Exercise instructions: From the first line to the last, copy the data exactly.

--- Records ---

Lemma outward_ancestor v y i : i < dist adj v y ->
  exists z, [/\ dist adj v z = i, outward v z & dist adj z y <= dist adj v y - i].
Proof.
move=> lt_iy; have [z' vz' z'y] := dist_geodesic lt_iy.
have [z vz zz'] := dist_parent vz'.
exists z; split => //.
  by apply/existsP; exists z'; rewrite zz' vz vz' eqxx.
by have := dist_triangle z z' y; have := dist_adj zz'; lia.
Qed.

Variable c : V -> bool.
Hypothesis c_proper : forall u w, adj u w -> c u != c w.

Lemma color_dist v x : c x = c v (+) odd (dist adj v x).
Proof.
move Ek: (dist adj v x) => k; elim: k x Ek => [|k IHk] x vx.
  by move/eqP: vx; rewrite addbF -leqn0 dist_leq_ball in_ball0 => /eqP ->.
have [y /IHk cy yx] := dist_parent vx.
by move: (c_proper yx); rewrite cy /=; case: (c x); case: (c v); case: (odd k).
Qed.

Lemma adj_dist v x y : adj x y ->
  dist adj v y = (dist adj v x).+1 \/ dist adj v x = (dist adj v y).+1.
Proof.
move=> xy; have := dist_triangle v x y; have := dist_triangle v y x.
rewrite (distC y x); have := dist_adj xy.
have : dist adj v x != dist adj v y.
  by apply: contra (c_proper xy) => /eqP vxy; rewrite (color_dist v x) (color_dist v y) vxy.
by move/eqP; lia.
Qed.

Variable rho : V -> V -> V.
Hypotheses (rho_rot : rotation_system adj rho) (rho_quad : quad_faces adj rho).

Lemma adj_rho u w : adj u w -> adj u (rho u w).
Proof. exact: (rho_rot u).1. Qed.

Lemma adj_iter_rho u w k : adj u w -> adj u (iter k (rho u) w).
Proof. by move=> uw; elim: k => //= k; apply: adj_rho. Qed.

---

Your response:
Lemma outward_ancestor v y i : i < dist adj v y ->
  exists z, [/\ dist adj v z = i, outward v z & dist adj z y <= dist adj v y - i].
Proof.
move=> lt_iy; have [z' vz' z'y] := dist_geodesic lt_iy.
have [z vz zz'] := dist_parent vz'.
exists z; split => //.
  by apply/existsP; exists z'; rewrite zz' vz vz' eqxx.
by have := dist_triangle z z' y; have := dist_adj zz'; lia.
Qed.

Variable c : V -> bool.
Hypothesis c_proper : forall u w, adj u w -> c u != c w.

Lemma color_dist v x : c x = c v (+) odd (dist adj v x).
Proof.
move Ek: (dist adj v x) => k; elim: k x Ek => [|k IHk] x vx.
  by move/eqP: vx; rewrite addbF -leqn0 dist_leq_ball in_ball0 => /eqP ->.
have [y /IHk cy yx] := dist_parent vx.
by move: (c_proper yx); rewrite cy /=; case: (c x); case: (c v); case: (odd k).
Qed.

Lemma adj_dist v x y : adj x y ->
  dist adj v y = (dist adj v x).+1 \/ dist adj v x = (dist adj v y).+1.
Proof.
move=> xy; have := dist_triangle v x y; have := dist_triangle v y x.
rewrite (distC y x); have := dist_adj xy.
have : dist adj v x != dist adj v y.
  by apply: contra (c_proper xy) => /eqP vxy; rewrite (color_dist v x) (color_dist v y) vxy.
by move/eqP; lia.
Qed.

Variable rho : V -> V -> V.
Hypotheses (rho_rot : rotation_system adj rho) (rho_quad : quad_faces adj rho).

Lemma adj_rho u w : adj u w -> adj u (rho u w).
Proof. exact: (rho_rot u).1. Qed.

Lemma adj_iter_rho u w k : adj u w -> adj u (iter k (rho u) w).
Proof. by move=> uw; elim: k => //= k; apply: adj_rho. Qed.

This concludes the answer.